▸ About this task
Pull every line that holds the word "mathcomp" from the entries.

▸ Dataset records
•••••

(* Let $\mathfrak{I}=(\mathcal{I},[\mathcal{F}_1,\dots,\mathcal{F}_k],\mathcal{X},\pi,\sim,\mathcal{S})$ be a domain constrained interpretation and $C_1,\dots,C_4,D_1,\dots,D_4$ natural concepts that are fully specified by their features in $\mathfrak{I}$, i.e. $N^{\mathcal{I}}=\{d\in\Delta^{\mathcal{I}}\mid\varphi(N)\subseteq\pi(d)\}$ for each of them. Suppose $C_1^{\mathcal{I}}\neq\emptyset$ and $\mathfrak{I}$ satisfies the analogy assertions $C_1:C_2::C_3:C_4$, $D_1:D_2::D_3:D_4$, $D_1:D_3::D_2:D_4$ and the concept inclusions $C_1\sqsubseteq D_1$, $C_2\sqsubseteq D_2$, $C_3\sqsubseteq D_3$. Then $\mathfrak{I}$ also satisfies $C_4\sqsubseteq D_4$.
   Context: Concepts: $C,D::=\top\mid\bot\mid A\mid C\sqcap D\mid \exists r.C\mid N$; natural concepts: $N,N'::=A'\mid N\sqcap N'\mid N\bowtie N'\mid \exists r'.N$, with $A$ a concept name, $A'$ a natural concept name, $r$ a role name, $r'$ an intra-domain role name. A domain constrained interpretation is $\mathfrak{I}=(\mathcal{I},[\mathcal{F}_1,\dots,\mathcal{F}_k],\mathcal{X},\pi,\sim,\mathcal{S})$ where $\mathcal{I}=(\Delta^{\mathcal{I}},\cdot^{\mathcal{I}})$ is a classical DL interpretation, $[\mathcal{F}_1,\dots,\mathcal{F}_k]$ partitions a nonempty finite set $\mathcal{F}$, $\mathcal{X}\subseteq2^{\mathcal{F}}$ with $\mathcal{F}\in\mathcal{X}$, $\pi:\Delta^{\mathcal{I}}\to2^{\mathcal{F}}$, $\sim$ an equivalence relation on $\{1,\dots,k\}$, $\mathcal{S}=\{\sigma_{(s,t)}\mid(s,t)\in\sim\}$ with $\sigma_{(s,t)}:\mathcal{F}_s\to\mathcal{F}_t$ bijections. With $\mathcal{C}=\{G\subseteq\mathcal{F}\mid X\not\subseteq G\ \forall X\in\mathcal{X}\}$ and $\mathcal{C}^i=\{G\in\mathcal{C}\mid G\subseteq\mathcal{F}_i\}$ it is required: (1) $X\not\subseteq\pi(d)$ for all $d$, $X\in\mathcal{X}$; (2) each $G\in\mathcal{C}$ is $\pi(d)$ for some $d$; (3) $\sigma_{(s,t)}^{-1}=\sigma_{(t,s)}$, $\sigma_{(t,u)}\circ\sigma_{(s,t)}=\sigma_{(s,u)}$; (4) $\sigma_{(i,j)}(G)\in\mathcal{C}$ for $G\in\mathcal{C}^i$, $(i,j)\in\sim$; (5) $\{f,g\}\in\mathcal{X}$ whenever $f\in\mathcal{F}_i$, $g\in\mathcal{F}_j$, $(i,j)\in\sim$, $i\neq j$. $\varphi(C)=\bigcap\{\pi(d)\mid d\in C^{\mathcal{I}}\}$ ($=\mathcal{F}$ if $C^{\mathcal{I}}=\emptyset$). Concepts are interpreted as usual, with $(N\bowtie N')^{\mathcal{I}}=\{d\mid\varphi(N)\cap\varphi(N')\subseteq\pi(d)\}$, and every intra-domain role name $r$ interpreted as an intra-domain relation: there is $\kappa_r:2^{\mathcal{F}}\to2^{\mathcal{F}}$ with $(\exists r.C)^{\mathcal{I}}=\{d\mid\kappa_r(\varphi(C))\subseteq\pi(d)\}$ for all $C$, $\kappa_r(G)=\bigcup_i\kappa_r(G\cap\mathcal{F}_i)$ for $G\in\mathcal{C}$, $\kappa_r(G)\subseteq\mathcal{F}_i$ for $G\in\mathcal{C}^i$, $\kappa_r(\sigma_{(i,j)}(G))=\sigma_{(i,j)}(\kappa_r(G))$ for $(i,j)\in\sim$, $G\in\mathcal{C}^i$, and $\kappa_r(G)\neq\emptyset$ for $G\in\mathcal{C}^i\setminus\{\emptyset\}$. $\delta(C)=\{i\mid\mathcal{F}_i\cap\varphi(C)\neq\emptyset\}$. For $U=\{(s_1,t_1),\dots,(s_l,t_l)\}\subseteq\sim$ with pairwise distinct $s_i$ and pairwise distinct $t_i$, the domain translation $\sigma_U:\mathcal{F}\to\mathcal{F}$ maps $f\in\mathcal{F}_{s_i}$ to $\sigma_{(s_i,t_i)}(f)$ and fixes all other features; $\mathrm{src}(U)=\{s_i\}$, $\mathrm{tgt}(U)=\{t_i\}$. $\mu(C,D)$ is the set of $\sigma_U$ with $\varphi(D)=\sigma_U(\varphi(C))$, $\mathrm{src}(U)\subseteq\delta(C)$, $\mathrm{tgt}(U)\cap(\delta(C)\setminus\mathrm{src}(U))=\emptyset$. An analogy assertion $C_1:C_2::D_1:D_2$ is satisfied in $\mathfrak{I}$ iff $\mu(C_1,C_2)\cap\mu(D_1,D_2)\neq\emptyset$; a concept inclusion $C\sqsubseteq D$ is satisfied iff $C^{\mathcal{I}}\subseteq D^{\mathcal{I}}$. *)

From HB Require Import structures.
From mathcomp Require Import all_boot.
From mathcomp Require Import boolp classical_sets.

•••••

▸ Exercise solution
From mathcomp Require Import all_boot.
From mathcomp Require Import boolp classical_sets.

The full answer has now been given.